The company’s storage needs, including the size of the datasets it must store, have grown over time, demanding an efficient and expansive storage solution. As its AI models have grown not only in size but complexity, checkpointing model training and development has also become an essential step in helping ensure reliability and recovery. This process involves huge, distributed training clusters of graphics processing units (GPUs).

Every GPU pauses during checkpointing, causing a large influx of data to be pushed to storage in a very short time frame. Additionally, lost training time can result in an opportunity cost of millions of dollars a day, and the massive total storage footprint only further complicates the process. OpenAI solved its data storage and migration challenges by using Microsoft Azure Blob Storage to read training data and write checkpoints for model training. In particular, the engineering teams at OpenAI and Microsoft collaborated on the adoption of the new scaled accounts feature. Compared with traditional storage offerings, Azure Blob Storage scaled accounts push the leading edge of throughput and hit a higher scale point than previously possible. Sam Hopewell, Manager of OpenAI’s Supercomputing Storage Team, emphasizes, “Azure Blob Storage scaled accounts let us operate at exabyte scale without adding operational complexity. This enables our engineers to focus on advancing AI research.”

“Azure Blob Storage scaled accounts let us operate at exabyte scale without adding operational complexity. This enables our engineers to focus on advancing AI research.”

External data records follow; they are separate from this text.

(* For real $\alpha\ne0$ and real $\beta$, let $F_{\alpha,\beta}(x)=\bigl(1+\frac{\alpha}{x}\bigr)^{x+\beta}$. Then: (1) For $\alpha>0$: $\bigl(1+\frac{\alpha}{x}\bigr)^{x+\beta}-e^{\alpha}\in\mathcal{C}[(0,\infty)]$ if and only if $\alpha\le2\beta$; and $\bigl(1+\frac{\alpha}{x}\bigr)^{-(x+\beta)}-e^{-\alpha}\in\mathcal{C}[(0,\infty)]$ if and only if $\beta\le0$. (2) For $\alpha<0$: $\bigl(1+\frac{\alpha}{x}\bigr)^{x+\beta}-e^{\alpha}\in\mathcal{C}[(-\alpha,\infty)]$ if and only if $\beta\le\alpha$; and $\frac{1}{F_{\alpha,\beta}(x)}\in\mathcal{C}[(-\alpha,\infty)]$ if and only if $2\beta\ge\alpha$.
   Context: A function $f$ is completely monotonic on an interval $I$ if it has derivatives of all orders on $I$ and $(-1)^k f^{(k)}(x)\ge0$ for all $x\in I$ and all integers $k\ge0$; the set of such functions is denoted $\mathcal{C}[I]$. *)

From Stdlib Require Import Reals.
From Coquelicot Require Import Coquelicot.
Open Scope R_scope.

Definition completely_monotonic (f : R -> R) (I : R -> Prop) : Prop :=
  forall (k : nat) (x : R), I x ->
    ex_derive_n f k x /\ 0 <= (-1) ^ k * Derive_n f k x.

Definition F (alpha beta x : R) : R := Rpower (1 + alpha / x) (x + beta).

From Stdlib Require Import Reals Lra Lia Factorial.
From Coquelicot Require Import Coquelicot.
Open Scope R_scope.

(* With [logF a b x = (x + b) ln (1 + a / x)] we have [F a b = exp (logF a b)] and
   [logF' = - phi], where [phi x = ln x - ln (x + a) + b / x + (a - b) / (x + a)].
   Since [exp h] is completely monotonic as soon as [- h'] is, everything reduces to the
   signs of [phi] and of [(-1)^(m+1) phi^(m+1)(x) = m! a B / (x (x + a))^(m+2)], where
   [B = phi_numer x (x + a) b (m + 1)] is expressed through the complete homogeneous sums of
   [x] and [x + a]: [B >= 0] when [a <= 2 b] and [B <= 0] when [b <= a < 0].  Elementary
   bounds on [ln (1 + u)] give the sign of [phi] and [F >= e^a]; the same bounds produce
   points where complete monotonicity fails at order 0 or 1 in the converse directions.
   Finally [1 / F_{a,b}(x) = F_{-a,b-a}(x + a)] turns the statements about [1 / F] into
   statements about [F]. *)

Lemma completely_monotonic_nonneg f I x :
  completely_monotonic f I -> I x -> 0 <= f x.
Proof. intros Hf Hx. pose proof (proj2 (Hf 0%nat x Hx)) as H. simpl in H. lra. Qed.

Lemma completely_monotonic_Derive_nonpos f I x :
  completely_monotonic f I -> I x -> Derive f x <= 0.
Proof.
  intros Hf Hx. pose proof (proj2 (Hf 1%nat x Hx)) as H.
  change (0 <= (-1) ^ 1 * Derive f x) in H. simpl in H. lra.
Qed.

Lemma completely_monotonic_subset f I J :
  (forall x, J x -> I x) -> completely_monotonic f I -> completely_monotonic f J.
Proof. intros HJI Hf k x Hx. exact (Hf k x (HJI x Hx)). Qed.

Lemma completely_monotonic_comp_trans f I d :
  completely_monotonic f I ->
  completely_monotonic (fun y => f (y + d)) (fun y => I (y + d)).
Proof.
  intros Hf k y Hy. destruct (Hf k (y + d) Hy) as [Hex Hsign]. split.
  - exact (ex_derive_n_comp_trans f k y d Hex).
  - rewrite Derive_n_comp_trans. exact Hsign.
Qed.

Lemma Derive_n_Derive f k x : Derive_n (Derive f) k x = Derive_n f (S k) x.
Proof. rewrite <- Nat.add_1_r. exact (Derive_n_comp f k 1 x). Qed.

Lemma ex_derive_n_Derive f k x :
  ex_derive f x -> ex_derive_n (Derive f) k x <-> ex_derive_n f (S k) x.
Proof.
  intros Hf. destruct k as [|k]; [simpl; tauto|].
  split; apply ex_derive_ext; intros t; [|symmetry]; apply Derive_n_Derive.
Qed.

Section CompletelyMonotonicOpen.

Variable U : R -> Prop.
Hypothesis U_open : open U.

(* Truncating at order [n] is what makes the product rule provable by induction. *)
Definition cm_upto (n : nat) (f : R -> R) : Prop :=
  forall k x, (k <= n)%nat -> U x ->
    ex_derive_n f k x /\ 0 <= (-1) ^ k * Derive_n f k x.

Lemma completely_monotonic_cm_upto f :
  completely_monotonic f U <-> forall n, cm_upto n f.
Proof.
  split.
  - intros Hf n k x _ Hx. exact (Hf k x Hx).
  - intros Hf k x Hx. exact (Hf k k x (le_n k) Hx).
Qed.

Lemma cm_upto_le m n f : (m <= n)%nat -> cm_upto n f -> cm_upto m f.
Proof. intros Hmn Hf k x Hk Hx. apply Hf; [lia | exact Hx]. Qed.

Lemma cm_upto_locally n f x :
  cm_upto n f -> U x ->
  locally x (fun y => forall k, (k <= n)%nat -> ex_derive_n f k y).
Proof.
  intros Hf. apply (locally_open U _ U_open).
  intros y Hy k Hk. exact (proj1 (Hf k y Hk Hy)).
Qed.

Lemma cm_upto_ext_in n f g :
  (forall x, U x -> f x = g x) -> cm_upto n f -> cm_upto n g.
Proof.
  intros Hfg Hf k x Hk Hx.
  assert (Hloc : locally x (fun t => f t = g t)) by exact (locally_open U _ U_open Hfg x Hx).
  destruct (Hf k x Hk Hx) as [Hex Hsign]. split.
  - exact (ex_derive_n_ext_loc f g k x Hloc Hex).
  - rewrite <- (Derive_n_ext_loc f g k x Hloc). exact Hsign.
Qed.

Lemma cm_upto_S n f :
  cm_upto (S n) f <->
  (forall x, U x -> ex_derive f x /\ 0 <= f x) /\ cm_upto n (fun x => - Derive f x).
Proof.
  split.
  - intros Hf.
    assert (Hder : forall x, U x -> ex_derive f x).
    { intros x Hx. exact (proj1 (Hf 1%nat x ltac:(lia) Hx)). }
    split.
    + intros x Hx. split; [exact (Hder x Hx)|].
      pose proof (proj2 (Hf 0%nat x ltac:(lia) Hx)) as H. simpl in H. lra.
    + intros k x Hk Hx. destruct (Hf (S k) x ltac:(lia) Hx) as [Hex Hsign]. split.
      * apply ex_derive_n_opp. apply ex_derive_n_Derive; [exact (Hder x Hx) | exact Hex].
      * rewrite Derive_n_opp, Derive_n_Derive. simpl pow in Hsign. lra.
  - intros [Hf Hdf] k x Hk Hx. destruct k as [|k].
    + split; [exact I|]. simpl. pose proof (proj2 (Hf x Hx)). lra.
    + destruct (Hdf k x ltac:(lia) Hx) as [Hex Hsign]. split.
      * apply (ex_derive_n_Derive f k x (proj1 (Hf x Hx))).
        apply ex_derive_n_ext with (fun x => - - Derive f x); [intros; ring|].
        apply ex_derive_n_opp. exact Hex.
      * rewrite Derive_n_opp, Derive_n_Derive in Hsign. simpl pow. lra.
Qed.

Lemma cm_upto_plus n f g :
  cm_upto n f -> cm_upto n g -> cm_upto n (fun x => f x + g x).
Proof.
  intros Hf Hg k x Hk Hx.
  pose proof (cm_upto_locally k f x (cm_upto_le k n f Hk Hf) Hx) as Lf.
  pose proof (cm_upto_locally k g x (cm_upto_le k n g Hk Hg) Hx) as Lg.
  split.
  - exact (ex_derive_n_plus f g k x Lf Lg).
  - rewrite (Derive_n_plus f g k x Lf Lg), Rmult_plus_distr_l.
    apply Rplus_le_le_0_compat; [exact (proj2 (Hf k x Hk Hx)) | exact (proj2 (Hg k x Hk Hx))].
Qed.

Lemma cm_upto_mult n : forall f g,
  cm_upto n f -> cm_upto n g -> cm_upto n (fun x => f x * g x).
Proof.
  induction n as [|n IHn]; intros f g Hf Hg.
  - intros k x Hk Hx. assert (k = 0%nat) as -> by lia. split; [exact I|]. simpl.
    rewrite Rmult_1_l. apply Rmult_le_pos.
    + pose proof (proj2 (Hf 0%nat x Hk Hx)) as H. simpl in H. lra.
    + pose proof (proj2 (Hg 0%nat x Hk Hx)) as H. simpl in H. lra.
  - apply cm_upto_S in Hf as [Hf Hdf]. apply cm_upto_S in Hg as [Hg Hdg].
    apply cm_upto_S. split.
    + intros x Hx. destruct (Hf x Hx), (Hg x Hx). split.
      * apply ex_derive_mult; assumption.
      * apply Rmult_le_pos; assumption.
    + apply cm_upto_ext_in with (fun x => - Derive f x * g x + f x * - Derive g x).
      * intros x Hx. rewrite Derive_mult by (apply Hf || apply Hg; exact Hx). ring.
      * apply cm_upto_plus; apply IHn; try assumption.
        -- apply cm_upto_le with (S n); [lia|]. apply cm_upto_S. split; assumption.
        -- apply cm_upto_le with (S n); [lia|]. apply cm_upto_S. split; assumption.
Qed.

Sam Hopewell, Manager – Supercomputing Storage Team, OpenAI

Streamlining and optimizing complex training, checkpointing, and storing

The AI pipeline at OpenAI begins with transforming raw data into training-ready formats. After raw data is ingested from diverse public and private sources and stored in highly secure Azure Blob Storage, data cleaning and preparation steps are run using analytics pipelines such as Spark and custom frameworks. Vectorized training data is then made available for immediate use in GPU clusters. “Our data preparation milestones are critical for successful model training,” explains Hopewell. “Azure allows us to store and process data in one unified environment, eliminating friction and ensuring consistency across the pipeline.”

OpenAI takes advantage of Azure high-performance computing (HPC) virtual machines to process and train its AI models. These virtual machines run a streamlined version of Ubuntu Linux on Azure that’s optimized to maximize GPU performance. The data processing workflow includes aggregation, filtering, and transformation to refine the data for upcoming training sessions. After the initial data is staged on the GPU host and the GPUs initiate the training process, OpenAI continuously retrieves additional data from Azure Blob Storage.

This process, however, doesn’t occur overnight. Training OpenAI’s models requires consistent, high-bandwidth data access to thousands of GPUs over an extended period. Every several minutes, the present state of the training process is checkpointed to Azure Blob Storage. As needed, OpenAI’s research team can simply read and restore to the latest checkpoint and quickly get back to experimentation and development. “The predictable throughput of Azure Blob Storage is crucial for checkpointing,” says Hopewell. “It ensures our models stay on track, even in the face of hardware or software challenges.” In addition to recovering from a technological failure or other disruption, OpenAI can choose to roll back to a certain point in training development, change certain parameters, roll forward, and then evaluate its outcomes. The reliability and consistent storage performance from Azure Blob Storage scaled accounts helps ensure training continues without interruptions, boosting overall resilience.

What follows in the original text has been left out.